• _EXERCISE OBJECTIVE_
In the entries that follow, how many lines include the string "odflt"? The answer is the number only.

• _DATA EXCERPTS_
(* Let $\mathbf p$ be a probability vector with strictly positive entries. For every $\sigma\in\mathcal B$ there exist a constant $c>0$ and a sequence of triples $(R,r,\mathbf i)\in(0,1)\times(0,1)\times\Sigma$ with $R/r\to\infty$ such that for every triple in the sequence \[ \frac{\mu_{\mathbf p}(B_{\mathbf i}(R))}{\mu_{\mathbf p}(B_{\mathbf i}(r))}\ge c\Big(\frac Rr\Big)^{\overline S(\mathbf p,\sigma)}. \]
   Context: Setting: $\mathcal I=\{1,\dots,N\}$, $f_i(x)=A_ix+t_i$ on $\mathbb R^d$ with $A_i=\mathrm{diag}(\lambda_i^{(1)},\dots,\lambda_i^{(d)})$, all $\lambda_i^{(n)}\in(0,1)$, $f_i([0,1]^d)\subset[0,1]^d$, no two maps agree on $[0,1]^d$, and for all $m\ne n$ some $i$ has $\lambda_i^{(n)}\ne\lambda_i^{(m)}$. $\Sigma=\mathcal I^{\mathbb N}$, $\mu_{\mathbf p}=\mathbf p^{\mathbb N}$. For $\mathbf i\in\Sigma$, $r>0$, $L_{\mathbf i}(r,n)$ is the unique integer with $\prod_{\ell=1}^{L_{\mathbf i}(r,n)}\lambda_{i_\ell}^{(n)}\le r<\prod_{\ell=1}^{L_{\mathbf i}(r,n)-1}\lambda_{i_\ell}^{(n)}$. For a permutation $\sigma$ of $\{1,\dots,d\}$: $\mathbf i$ determines a strictly $\sigma$-ordered cylinder at scale $r$ if, with $L=L_{\mathbf i}(r,\sigma_d)$, $\prod_{\ell=1}^L\lambda_{i_\ell}^{(\sigma_d)}<\dots<\prod_{\ell=1}^L\lambda_{i_\ell}^{(\sigma_1)}$; $\mathcal B$ is the set of $\sigma$ realised in this way by some $\mathbf i,r$. $\mathbf i$ determines a $\sigma$-ordered cube at scale $r$ if $L_{\mathbf i}(r,\sigma_d)\le\dots\le L_{\mathbf i}(r,\sigma_1)$, ties resolved by: if coordinates $k<m$ have $L_{\mathbf i}(r,k)=L_{\mathbf i}(r,m)$ then $k$ precedes $m$ iff $\prod_{\ell=1}^{L_{\mathbf i}(r,k)}\lambda_{i_\ell}^{(k)}\ge\prod_{\ell=1}^{L_{\mathbf i}(r,k)}\lambda_{i_\ell}^{(m)}$; write $\sigma_{\mathbf i}(r)$ for this ordering. $E_n^\sigma$: span of coordinate axes $\sigma_1,\dots,\sigma_n$; $f_i,f_j$ overlap exactly on $E_n^\sigma$ if their orthogonal projections onto $E_n^\sigma$ agree on $[0,1]^d$. For $1\le n\le d-1$, $\mathcal I_n^\sigma$ is the set of $j$ such that no $i<j$ overlaps exactly with $j$ on $E_n^\sigma$; $\mathcal I_d^\sigma=\mathcal I$; $\Pi_n^\sigma j$ is the unique element of $\mathcal I_n^\sigma$ overlapping exactly with $j$ on $E_n^\sigma$ ($\Pi_d^\sigma=\mathrm{id}$, $\Pi_0^\sigma j=\emptyset$), extended to $\Sigma$ coordinatewise. $p_n^\sigma(i)=\sum_{j:\Pi_n^\sigma j=i}p(j)$, $p_0^\sigma(\emptyset)=1$, $P^\sigma_{n-1}(i)=p_n^\sigma(i)/p^\sigma_{n-1}(\Pi^\sigma_{n-1}i)$ for $i\in\mathcal I_n^\sigma$, and $\overline S(\mathbf p,\sigma)=\sum_{n=1}^d\max_{i\in\mathcal I_n^\sigma}\frac{\log P^\sigma_{n-1}(i)}{\log\lambda_i^{(\sigma_n)}}$. $B_{\mathbf i}(r)=\{\mathbf j\in\Sigma:|\Pi_\tau\mathbf j\wedge\Pi_\tau\mathbf i|\ \text{conditions}\}$ is defined as $\{\mathbf j:|\Pi_n^{\tau}\mathbf j\wedge\Pi_n^{\tau}\mathbf i|\ge L_{\mathbf i}(r,\tau_n)\ \forall n\}$ with $\tau=\sigma_{\mathbf i}(r)$ and $\wedge$ the longest common prefix. *)

From HB Require Import structures.
From mathcomp Require Import all_boot all_order all_algebra all_fingroup.
From mathcomp Require Import all_classical all_reals all_analysis.
Set Implicit Arguments.
Unset Strict Implicit.
Unset Printing Implicit Defensive.
Import Order.TTheory GRing.Theory Num.Theory.
Local Open Scope ring_scope.

(* Symbolic space Sigma = I^N, with I = 'I_N (0-based indices, order kept). *)
Definition Sigma (N : nat) := nat -> 'I_N.

Section Carpets.
Variable R : realType.
Variables N d : nat.
(* The ambient dimension is d.+1; coordinates are 'I_d.+1
   (coordinate n of the paper, 1 <= n <= d+1, is the ordinal n-1). *)
Notation I := 'I_N.
Notation C := 'I_d.+1.
Variables lam t : I -> C -> R.   (* A_i = diag(lam i), translation t i *)

Definition ucube (x : C -> R) : Prop := forall c, 0 <= x c <= 1.

Definition affmap (i : I) (x : C -> R) : C -> R := fun c => lam i c * x c + t i c.

Definition prodlam (w : Sigma N) (c : C) (L : nat) : R :=
  \prod_(l < L) lam (w l) c.

(* L_w(r,c): least L with prodlam w c L <= r (for 0<r<1 this is the unique
   integer with prod_{1..L} <= r < prod_{1..L-1}). *)
Definition Lidx (w : Sigma N) (r : R) (c : C) : nat :=
  match pselect (exists L, prodlam w c L <= r) with
  | left h => @ex_minn (fun L => prodlam w c L <= r) h
  | right _ => 0%N
  end.

Definition strict_ordered (s : {perm C}) (w : Sigma N) (r : R) : Prop :=
  let L := Lidx w r (s ord_max) in
  forall a b : C, (a < b)%N -> prodlam w (s b) L < prodlam w (s a) L.

Definition inB (s : {perm C}) : Prop :=
  exists (w : Sigma N) (r : R), 0 < r /\ strict_ordered s w r.

Definition prec (w : Sigma N) (r : R) (k m : C) : bool :=
  (Lidx w r m < Lidx w r k)%N ||
  ((Lidx w r k == Lidx w r m) &&
   (if (k < m)%N then prodlam w m (Lidx w r k) <= prodlam w k (Lidx w r k)
    else prodlam w m (Lidx w r k) < prodlam w k (Lidx w r k))).

Definition cube_order (w : Sigma N) (r : R) : {perm C} :=
  odflt 1%g [pick s : {perm C} | [forall a : C, forall b : C,
                                   (a < b)%N ==> prec w r (s a) (s b)]].

(* f_i, f_j overlap exactly on E_n^s = span of axes s_1..s_n
   (0-based: s a for a < n) *)
Definition overlapE (s : {perm C}) (n : nat) (i j : I) : Prop :=
  forall x, ucube x -> forall a : C, (a < n)%N -> affmap i x (s a) = affmap j x (s a).

Definition InI (s : {perm C}) (n : nat) (j : I) : bool :=
  (n == d.+1) || [forall i : I, (i < j)%N ==> ~~ `[< overlapE s n i j >]].

Definition Pi (s : {perm C}) (n : nat) (j : I) : I :=
  if n == d.+1 then j
  else odflt j [pick i : I | InI s n i && `[< overlapE s n i j >]].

• _COMPLETED TASK_
2